Armados, pues, con ellos, vínose al palacio con algunos amigos, los cuales fueron echados con afrenta de la puerta primera.
Quiso la fortuna que Varrón, regidor de Siria, estuviera allí dentro; y entrando a ver a su padre, con atrevimiento grande, muy osado, llegábase cerca como por saludarlo. Echándole Herodes, inclinando su cabeza a una parte un poco, dijo en voz alta: "Cosa es ésta de hombre que quiere matar a su padre, quererme ahora abrazar estando acusado de tantos ma­leficios y maldades. Perezcas, mal hombre impío, y no me toques antes de mostrarte sin culpa y excusarte de tantas mal­dades como eres acusado. Yo te daré juicio y por juez a Varrón, el cual se halló aquí a buen tiempo. Vete, pues, de aquí presto, y piensa cómo te excusarás para mañana; porque según tus maldades y astucias, pésame darte tanto tiempo."

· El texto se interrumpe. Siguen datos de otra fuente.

Lemma Rpower_div a b y : 0 < a -> 0 < b -> Rpower (a / b) y = Rpower a y * Rpower b (- y).
Proof.
  intros Ha Hb. unfold Rpower. rewrite <- exp_plus. f_equal. unfold Rdiv.
  rewrite ln_mult, ln_Rinv by (try apply Rinv_0_lt_compat; lra). ring.
Qed.

Lemma ln_le_sub_1 t : 0 < t -> ln t <= t - 1.
Proof. intros Ht. assert (H := exp_ineq1_le (ln t)). rewrite exp_ln in H; lra. Qed.

Lemma Rpower_le_exp t s : 0 < t -> 0 <= s -> Rpower t s <= exp (s * (t - 1)).
Proof.
  intros Ht Hs. apply exp_le_compat, Rmult_le_compat_l; [lra | now apply ln_le_sub_1].
Qed.

Lemma exp_le_Rpower t s : 0 < t -> s <= 0 -> exp (s * (t - 1)) <= Rpower t s.
Proof.
  intros Ht Hs. apply exp_le_compat, Rmult_le_compat_neg_l; [lra | now apply ln_le_sub_1].
Qed.

Lemma Rpower_ge_hyperbolic t s : 0 < t -> 0 <= s -> 1 + s * (1 - / t) <= Rpower t s.
Proof.
  intros Ht Hs.
  assert (H : 1 - / t <= ln t).
  { assert (H := ln_le_sub_1 (/ t) (Rinv_0_lt_compat _ Ht)). rewrite ln_Rinv in H; lra. }
  apply Rle_trans with (2 := exp_ineq1_le (s * ln t)).
  apply Rplus_le_compat_l, Rmult_le_compat_l; lra.
Qed.

(* Concavity of [ln], through [ln y <= y - 1] at [y = t/m] and [y = 1/m]. *)
Lemma Rpower_le_convex_comb t a : 0 < t -> 0 < a < 1 -> Rpower t a <= a * t + (1 - a).
Proof.
  intros Ht Ha. set (m := a * t + (1 - a)).
  assert (Hm : 0 < m) by (unfold m; nra).
  assert (H1 := ln_le_sub_1 (t / m) (Rdiv_lt_0_compat _ _ Ht Hm)).
  assert (H2 := ln_le_sub_1 (/ m) (Rinv_0_lt_compat _ Hm)).
  unfold Rdiv in H1. rewrite ln_mult, ln_Rinv in H1 by (try apply Rinv_0_lt_compat; lra).
  rewrite ln_Rinv in H2 by lra.
  assert (Hs : a * (t / m - 1) + (1 - a) * (/ m - 1) = 0) by (unfold m in *; field; lra).
  assert (a * (ln t - ln m) <= a * (t / m - 1)) by (apply Rmult_le_compat_l; lra).
  assert ((1 - a) * (- ln m) <= (1 - a) * (/ m - 1)) by (apply Rmult_le_compat_l; lra).
  unfold Rpower. rewrite <- (exp_ln m) by lra. apply exp_le_compat. lra.
Qed.

Lemma Rpower_le_hyperbolic t s : 0 < t -> -1 < s < 0 -> Rpower t s <= (1 + s) - s / t.
Proof.
  intros Ht Hs.
  assert (H := Rpower_le_convex_comb t (1 + s) Ht ltac:(lra)).
  replace s with ((1 + s) + - (1)) at 1 by ring.
  rewrite Rpower_plus, Rpower_Ropp, Rpower_1 by auto.
  apply Rmult_le_reg_r with t; auto.
  rewrite Rmult_assoc, Rinv_l by lra.
  replace ((1 + s - s / t) * t) with ((1 + s) * t + (1 - (1 + s))) by (field; lra).
  lra.
Qed.

Lemma one_sub_exp_le_Rpower u g : 0 < u -> 0 < g <= 1 -> 1 - exp (- u) <= Rpower u g.
Proof.
  intros Hu Hg. assert (He := exp_ineq1_le (- u)). assert (Hp := exp_pos (- u)).
  unfold Rpower. destruct (Rle_or_lt 1 u) as [H1|H1].
  - assert (0 <= ln u) by (rewrite <- ln_1; apply ln_le; lra).
    assert (H2 := exp_ineq1_le (g * ln u)). nra.
  - assert (ln u < 0) by (rewrite <- ln_1; apply ln_increasing; lra).
    assert (H2 : exp (ln u) <= exp (g * ln u)) by (apply exp_le_compat; nra).
    rewrite exp_ln in H2 by lra. lra.
Qed.

(* Envelopes of [t ^ sg] whose integrals against [t^k e^(-a t)] have closed forms. *)
Definition pow_upper (sg t : R) : R :=
  if Rle_dec 0 sg then exp (sg * (t - 1)) else (1 + sg) - sg / t.
Definition pow_lower (sg t : R) : R :=
  if Rle_dec 0 sg then 1 + sg * (1 - / t) else exp (sg * (t - 1)).

Lemma Rpower_le_pow_upper sg t : -1 < sg -> 0 < t -> Rpower t sg <= pow_upper sg t.
Proof.
  intros Hsg Ht. unfold pow_upper. destruct (Rle_dec 0 sg).
  - now apply Rpower_le_exp.
  - apply Rpower_le_hyperbolic; lra.
Qed.

Lemma pow_lower_le_Rpower sg t : 0 < t -> pow_lower sg t <= Rpower t sg.
Proof.
  intros Ht. unfold pow_lower. destruct (Rle_dec 0 sg).
  - now apply Rpower_ge_hyperbolic.
  - apply exp_le_Rpower; lra.
Qed.

Section EnvelopeMoments.
Variable al : R.
Hypothesis al_gt0 : 0 < al.

Definition hyperbolic_moment (sg c : R) (k : nat) : R :=
  (1 + sg) * (INR (fact (S k)) / al ^ S (S k)) - sg / c * (INR (fact k) / al ^ S k).
Definition exp_moment (sg c : R) (k : nat) : R :=
  exp (- sg) * (INR (fact (S k)) / (al - sg * c) ^ S (S k)).

Definition upper_moment (sg c : R) (k : nat) : R :=
  if Rle_dec 0 sg then exp_moment sg c k else hyperbolic_moment sg c k.
Definition lower_moment (sg c : R) (k : nat) : R :=
  if Rle_dec 0 sg then hyperbolic_moment sg c k else exp_moment sg c k.

Lemma is_int_0_inf_hyperbolic sg c k : 0 < c ->
  is_int_0_inf (fun x => x ^ S k * exp (- (al * x)) * ((1 + sg) - sg / (c * x)))
    (hyperbolic_moment sg c k).
Proof.
  intros Hc.
  apply is_int_0_inf_ext with (fun x => (1 + sg) * (x ^ S k * exp (- (al * x)))
                                         - sg / c * (x ^ k * exp (- (al * x)))).
  { intros x Hx. simpl. field. lra. }
  apply is_int_0_inf_minus; apply is_int_0_inf_scal, is_int_0_inf_pow_exp; auto.
Qed.

Lemma is_int_0_inf_exp sg c k : sg * c < al ->
  is_int_0_inf (fun x => x ^ S k * exp (- (al * x)) * exp (sg * (c * x - 1))) (exp_moment sg c k).
Proof.
  intros Hsc.
  apply is_int_0_inf_ext with (fun x => exp (- sg) * (x ^ S k * exp (- ((al - sg * c) * x)))).
  { intros x Hx.
    replace (exp (- ((al - sg * c) * x))) with (exp (- (al * x)) * exp (sg * (c * x - 1)) * exp sg)
      by (rewrite <- !exp_plus; f_equal; ring).
    rewrite exp_Ropp. field. apply Rgt_not_eq, exp_pos. }
  apply is_int_0_inf_scal, is_int_0_inf_pow_exp. lra.
Qed.

Lemma is_int_0_inf_pow_upper sg c k : 0 < c -> sg * c < al ->
  is_int_0_inf (fun x => x ^ S k * exp (- (al * x)) * pow_upper sg (c * x)) (upper_moment sg c k).
Proof.
  intros Hc Hsc. unfold upper_moment, pow_upper. destruct (Rle_dec 0 sg).
  - now apply is_int_0_inf_exp.
  - now apply is_int_0_inf_hyperbolic.
Qed.

Lemma is_int_0_inf_pow_lower sg c k : 0 < c -> sg * c < al ->
  is_int_0_inf (fun x => x ^ S k * exp (- (al * x)) * pow_lower sg (c * x)) (lower_moment sg c k).
Proof.
  intros Hc Hsc. unfold lower_moment, pow_lower. destruct (Rle_dec 0 sg).
  - eapply is_int_0_inf_ext; [|now apply is_int_0_inf_hyperbolic].
    intros x Hx. simpl. f_equal. field. lra.
  - now apply is_int_0_inf_exp.
Qed.

Lemma continuous_pos_pow_upper sg c k : 0 < c ->
  continuous_pos (fun x => x ^ S k * exp (- (al * x)) * pow_upper sg (c * x)).
Proof.
  intros Hc x Hx. apply (@ex_derive_continuous R_AbsRing R_NormedModule).
  unfold pow_upper. destruct (Rle_dec 0 sg); auto_derive; auto. nra.
Qed.

End EnvelopeMoments.

(** * The integrand of the mixed Poisson probabilities *)

(* Any [0 < g <= 1] with [s - g > -1] would do: the factor [e^(-b/x)] is traded for
   [1 - (b/x)^g], whose correction term is of order [c^g] after rescaling by [c]. *)
Definition shift_exponent (s : R) : R := (s + 1) / (s + 2).

Section GigIntegrand.
Variables s al be : R.
Hypothesis s_gt : -1 < s.
Hypothesis al_gt0 : 0 < al.
Hypothesis be_gt0 : 0 < be.

Definition gig_integrand (k : nat) (x : R) : R :=
  x ^ S k * exp (- (al * x)) * (Rpower x s * exp (- (be / x))).

Let g := shift_exponent s.

Lemma shift_exponent_bounds : 0 < g <= 1.
Proof.
  unfold g, shift_exponent. split.
  - apply Rdiv_lt_0_compat; lra.
  - apply Rmult_le_reg_r with (s + 2); [lra|]. field_simplify; lra.
Qed.

Lemma sub_shift_exponent_gt : -1 < s - g.
Proof.
  unfold g, shift_exponent.
  assert ((s + 1) / (s + 2) < s + 1); [|lra].
  apply Rmult_lt_reg_r with (s + 2); [lra|]. field_simplify; nra.
Qed.

Lemma continuous_pos_gig_integrand k : continuous_pos (gig_integrand k).
Proof.
  intros x Hx. apply (@ex_derive_continuous R_AbsRing R_NormedModule).
  unfold gig_integrand, Rpower. auto_derive. repeat split; lra.
Qed.

Lemma gig_integrand_ge0 k x : 0 < x -> 0 <= gig_integrand k x.
Proof.
  intros Hx. unfold gig_integrand.
  assert (0 < exp (- (al * x))) by apply exp_pos.
  assert (0 < Rpower x s) by apply exp_pos.
  assert (0 < exp (- (be / x))) by apply exp_pos.
  assert (0 < x ^ S k) by now apply pow_lt.
  apply Rmult_le_pos; apply Rmult_le_pos; lra.
Qed.

Lemma Rpower_rescale c x : 0 < c -> 0 < x -> Rpower x s = Rpower c (- s) * Rpower (c * x) s.
Proof.
  intros Hc Hx. rewrite <- Rpower_mult_distr, Rpower_Ropp by auto.
  field. apply Rgt_not_eq, exp_pos.
Qed.

Lemma Rpower_exp_inv_le_upper c x : 0 < c -> 0 < x ->
  Rpower (c * x) s * exp (- (be / x)) <= pow_upper s (c * x).
Proof.
  intros Hc Hx.
  assert (H1 := Rpower_le_pow_upper s (c * x) s_gt ltac:(nra)).
  assert (H2 : exp (- (be / x)) <= 1).
  { rewrite <- exp_0. apply exp_le_compat.
    assert (0 < be / x) by now apply Rdiv_lt_0_compat. lra. }
  assert (0 < Rpower (c * x) s) by apply exp_pos.
  nra.
Qed.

Amedrentado mucho Antipatro con estas cosas, no pu­diendo responderle palabra, volvió el rostro y fuése. Como su madre y mujer le viniesen delante, contáronle todas las prue­bas que había hechas contra él: y él, volviendo entonces en sí, pensaba de qué manera se defendería.
Al otro día, juntando el rey consejo de todos sus amigos y allegados, llamó también los amigos de Antipatro; y estando él sentado junto a Varrón, mandó traer todas las pruebas y testigos contra Antipatro, entre los cuales había también unos que estaban ya presos de mucho tiempo, esclavos de la madre de Antipatro, los cuales habían traído de ésta ciertas cartas al hijo, escritas de esta manera:
"Porque tu padre entiende todas aquellas cosas, guárdate de venirte cerca, si no hubieres socorro de César."
Traídas, pues, estas cosas y muchas otras, entró Antipatro, y arrodillándose a los pies de su padre, dijo: «Suplícote, padre mío, no quieras juzgar de mí algo antes de dar oído y escu­char primero mi satisfacción enteramente; porque si tú quie­res, yo mostraré y probaré mi disculpa."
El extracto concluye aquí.